# Volumes of Cones or Cylinders on Equal Bases are in Same Ratio as Heights

## Theorem

In the words of Euclid:

Cones and cylinders which are on equal bases are to one another as their heights.

## Proof

Let $EB$ and $FD$ be cylinders on equal bases, the circles $AB$ and $CD$.

It is to be shown that:

$EB : FD = GH : KL$

where $GH$ and $KL$ are the axes of $GH$ and $KL$.
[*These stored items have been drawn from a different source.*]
Definition unresolved (X : finType) (S : {set {set X}}) : {set X * X} :=
  [set p | (p.1 != p.2) && [forall B in S, ~~ separates B p]].

Lemma card_unresolved0 (X : finType) : #|unresolved (set0 : {set {set X}})| = #|X| * (#|X| - 1).
Proof.
have -> : unresolved set0 = ~: [set (x, x) | x : X].
  apply/setP => -[x y]; rewrite !inE /=.
  have -> : [forall B in set0, ~~ separates B (x, y)] by apply/forall_inP => B; rewrite inE.
  rewrite andbT; congr (~~ _); apply/eqP/imsetP => [-> | [z _ [-> ->]] //].
  by exists y.
have := cardsC [set (x, x) | x : X].
rewrite card_imset => [|x y [] //]; rewrite card_prod mulnBr muln1 => <-.
by rewrite addKn.
Qed.

Lemma unresolved_setU1 (X : finType) (B : {set X}) (S : {set {set X}}) :
  unresolved (B |: S) = [set p in unresolved S | ~~ separates B p].
Proof.
apply/setP => p; rewrite !inE -andbA; congr (_ && _).
apply/forall_inP/andP => [sepU | [/forall_inP sepS sepB] C].
  by split; [apply/forall_inP => C SC | ]; apply: sepU; rewrite !inE ?SC ?orbT ?eqxx.
by rewrite !inE => /predU1P [-> | /sepS].
Qed.

Lemma semi_resolving_unresolved0 (X : finType) (Bs S : {set {set X}}) :
  S \subset Bs -> unresolved S = set0 -> semi_resolving_points Bs S.
Proof.
move=> sub_S U0; split=> // x y neq_xy.
have : (x, y) \notin unresolved S by rewrite U0 inE.
rewrite inE neq_xy /= => /forall_inPn [B SB]; rewrite negbK => sepB.
have BsB := subsetP sub_S B SB.
exists B => // eq_d; move: sepB.
by rewrite /separates /= -(idist_point_block_eq1 x BsB) -(idist_point_block_eq1 y BsB) eq_d eqxx.
Qed.

Lemma order_sqr_bound (v q lam : nat) :
  (q + lam) * (q + lam - 1) = (v - 1) * lam -> 2 * (q + lam) - lam <= v -> 2 <= q ->
  v <= q * q + q + 1.
Proof.
move=> count union q_ge2.
have [l def_lam] : exists l, lam = l.+1.
  by case: lam count {union} => [/eqP|l _]; [rewrite muln0 muln_eq0; lia | exists l].
have [d def_v] : exists d, v = d + 2 * q + l + 1 by exists (v - (2 * q + l + 1)); lia.
subst lam v.
have sqr_q : q * q = d * l.+1 + q.
  by move: count; rewrite (_ : q + l.+1 - 1 = q + l) ?addnK; lia.
have d_gt0 : 0 < d.
  by case: (posnP d) sqr_q => [->|//]; rewrite mul0n add0n -{3}[q]muln1 => /eqP; rewrite eqn_mul2l; lia.
have := leq_pmull l d_gt0; lia.
Qed.

Section SymmetricDesign.

Variables (X : finType) (Bs : {set {set X}}) (v k lam : nat).
Hypothesis card_points : #|X| = v.
Hypothesis card_blocks : #|Bs| = v.
Hypothesis block_card : forall B, B \in Bs -> #|B| = k.
Hypothesis pair_blocks :
  forall x y : X, x != y -> #|[set B in Bs | (x \in B) && (y \in B)]| = lam.
Hypothesis order_ge2 : 2 <= k - lam.

Definition blocks_through (x : X) := [set B in Bs | x \in B].

Lemma card_blocks_through_mul (x : X) : #|blocks_through x| * (k - 1) = (v - 1) * lam.
Proof.
have := double_count (fun y => y != x) (fun B => B \in Bs) (fun y B => (x \in B) && (y \in B)).
rewrite (eq_bigr (fun=> lam)) => [|y neq_yx]; last by rewrite pair_blocks // eq_sym.
rewrite sum_nat_const cardC1 card_points -subn1 => ->.
rewrite -sum1dep_card big_distrl big_mkcondr /=; apply: eq_bigr => B BsB.
case: ifP => xB; last first.
  by apply/esym/eqP; rewrite cards_eq0; apply/eqP/setP => y; rewrite !inE /= andbF.
rewrite mul1n -(block_card BsB) (cardsD1 x B) xB add1n subn1 /=.
by apply: eq_card => y; rewrite !inE.
Qed.

Lemma sum_card_blocks_through : \sum_x #|blocks_through x| = v * k.
Proof.
rewrite (double_count xpredT (fun B => B \in Bs) (fun x B => x \in B)).
rewrite -card_blocks -sum_nat_const; apply: eq_bigr => B BsB.
by rewrite -(block_card BsB); apply: eq_card => y; rewrite inE.
Qed.

Lemma card_blocks_through (x : X) : #|blocks_through x| = k.
Proof.
have k1_gt0 : 0 < k - 1 by lia.
have const y : #|blocks_through y| = #|blocks_through x|.
  by apply/eqP; rewrite -(eqn_pmul2r k1_gt0) !card_blocks_through_mul.
have := sum_card_blocks_through; under eq_bigr do rewrite const.
rewrite sum_nat_const card_points => /eqP; rewrite eqn_mul2l => /predU1P [v0 | /eqP //].
by move: card_points; rewrite v0 => /card0_eq/(_ x).
Qed.

Lemma card_blocks_through_pair (x y : X) : x != y ->
  #|blocks_through x :&: blocks_through y| = lam.
Proof.
move=> neq_xy; rewrite -(pair_blocks neq_xy).
by apply: eq_card => B; rewrite !inE andbACA andbb.
Qed.

Lemma card_separating (x y : X) : x != y ->
  #|[set B in Bs | (x \in B) != (y \in B)]| = 2 * (k - lam).
Proof.
move=> neq_xy; set A := blocks_through x; set C := blocks_through y.
have -> : [set B in Bs | (x \in B) != (y \in B)] = (A :|: C) :\: (A :&: C).
  by apply/setP => B; rewrite !inE; case: (B \in Bs) (x \in B) (y \in B) => [] [] [].
rewrite cardsD (setIidPr (subset_trans (subsetIl A C) (subsetUl A C))) cardsU.
by rewrite !card_blocks_through card_blocks_through_pair //; lia.
Qed.

Lemma design_count (x : X) : k * (k - 1) = (v - 1) * lam.
Proof. by rewrite -(card_blocks_through_mul x) card_blocks_through. Qed.

Lemma double_block_size_le (x y : X) : x != y -> 2 * k - lam <= v.
Proof.
move=> neq_xy; rewrite -card_blocks.
have : #|blocks_through x :|: blocks_through y| <= #|Bs|.
  by apply/subset_leq_card/subsetP => B; rewrite !inE => /orP [] /andP [].
by rewrite cardsU !card_blocks_through card_blocks_through_pair //; lia.
Qed.

Lemma exists_two_points : 0 < v -> exists x y : X, x != y.
Proof.
rewrite -card_points => /card_gt0P [x _].
have : 0 < (v - 1) * lam by rewrite -(design_count x) muln_gt0; lia.
rewrite muln_gt0 subn_gt0 -card_points => /andP [/card_gt1P [y [z [_ _ neq_yz]]] _].
by exists y, z.
Qed.

Lemma double_order_le_points : 0 < v -> 2 * (k - lam) <= v.
Proof.
case/exists_two_points => x [y /double_block_size_le]; lia.
Qed.

Lemma ln_points_le_order : 0 < v -> (ln (INR v) <= INR (k - lam))%R.
Proof.
move=> v_gt0; have [x [y neq_xy]] := exists_two_points v_gt0.
have def_k : k - lam + lam = k by lia.
apply: ln_le_of_le_sqr_add_succ => //; apply: (@order_sqr_bound _ _ lam _ _ order_ge2); rewrite def_k.
  exact: design_count x.
exact: double_block_size_le neq_xy.
Qed.

Lemma sum_card_separated (U : {set X * X}) : (forall p, p \in U -> p.1 != p.2) ->
  \sum_(B in Bs) #|[set p in U | separates B p]| = 2 * (k - lam) * #|U|.
Proof.
move=> offdiag; rewrite (double_count (fun B => B \in Bs) (fun p => p \in U) (@separates X)).
rewrite mulnC -sum_nat_const; apply: eq_bigr => p Up.
by rewrite -(card_separating (offdiag p Up)); apply: eq_card => B; rewrite !inE.
Qed.

Lemma greedy_step (S : {set {set X}}) : S \subset Bs -> #|S| < v ->
  exists2 B, B \in Bs :\: S &
    v * #|unresolved (B |: S)| <= (v - 2 * (k - lam)) * #|unresolved S|.
Proof.
move=> sub_S card_S; set U := unresolved S.
pose sepU B := #|[set p in U | separates B p]|.
have sepU_S B : B \in S -> sepU B = 0.
  move=> SB; apply/eqP; rewrite cards_eq0; apply/eqP/setP => p; rewrite !inE.
  by apply/negbTE/andP => -[/andP [_ /forall_inP /(_ B SB) /negP]].
have sum_outside : \sum_(B in Bs :\: S) sepU B = 2 * (k - lam) * #|U|.
  rewrite -sum_card_separated => [|p]; last by rewrite inE => /andP [].
  by rewrite [RHS](big_setID S) /= [X in X + _]big1 ?add0n // => B /setIP [_ /sepU_S].
have [B BsSB ge_avg] : exists2 B, B \in Bs :\: S &
    \sum_(C in Bs :\: S) sepU C <= #|Bs :\: S| * sepU B.
  by apply: exists_ge_average; rewrite cardsD (setIidPr sub_S) card_blocks subn_gt0.
exists B => //.
have split_U : sepU B + #|unresolved (B |: S)| = #|U|.
  rewrite unresolved_setU1 -(cardsID [set p | separates B p] U).
  by congr (_ + _); apply: eq_card => p; rewrite !inE andbC.
have : 2 * (k - lam) * #|U| <= v * sepU B.
  rewrite -sum_outside; apply: leq_trans ge_avg _; rewrite leq_mul2r -card_blocks.
  by rewrite subset_leq_card ?orbT // subsetDl.
rewrite -split_U mulnBl; move: (k - lam) (sepU B) #|unresolved (B |: S)| => q c u'; nia.
Qed.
Let the axis $KL$ be produced to the point $N$.

Let $LN = GH$.

Let the cylinder $CM$ be described about the axis $LN$.

We have that:

$EB$ and $CM$ have the same height

and

$EB$ and $CM$ are on equal bases.
$EB$ and $CM$ are equal.

We have that the cylinder $FM$ has been cut by the plane $CD$ which is parallel to its bases.

$CM : FD = LN : KL$

But:

$CM = EB$

and:

$LN = GH$

Therefore:

$EB : FD = GH : KL$
$EB : FD = ABG : CDK$

where $ABG$ and $CDK$ are cones whose bases are $AB$ and $CD$ and whose apices are $G$ and $K$.

Therefore:

$GH : KL = ABG : CDK$

and:

$GH : KL = EB : FD$

$\blacksquare$

## Historical Note

This proof is Proposition $14$ of Book $\text{XII}$ of Euclid's The Elements.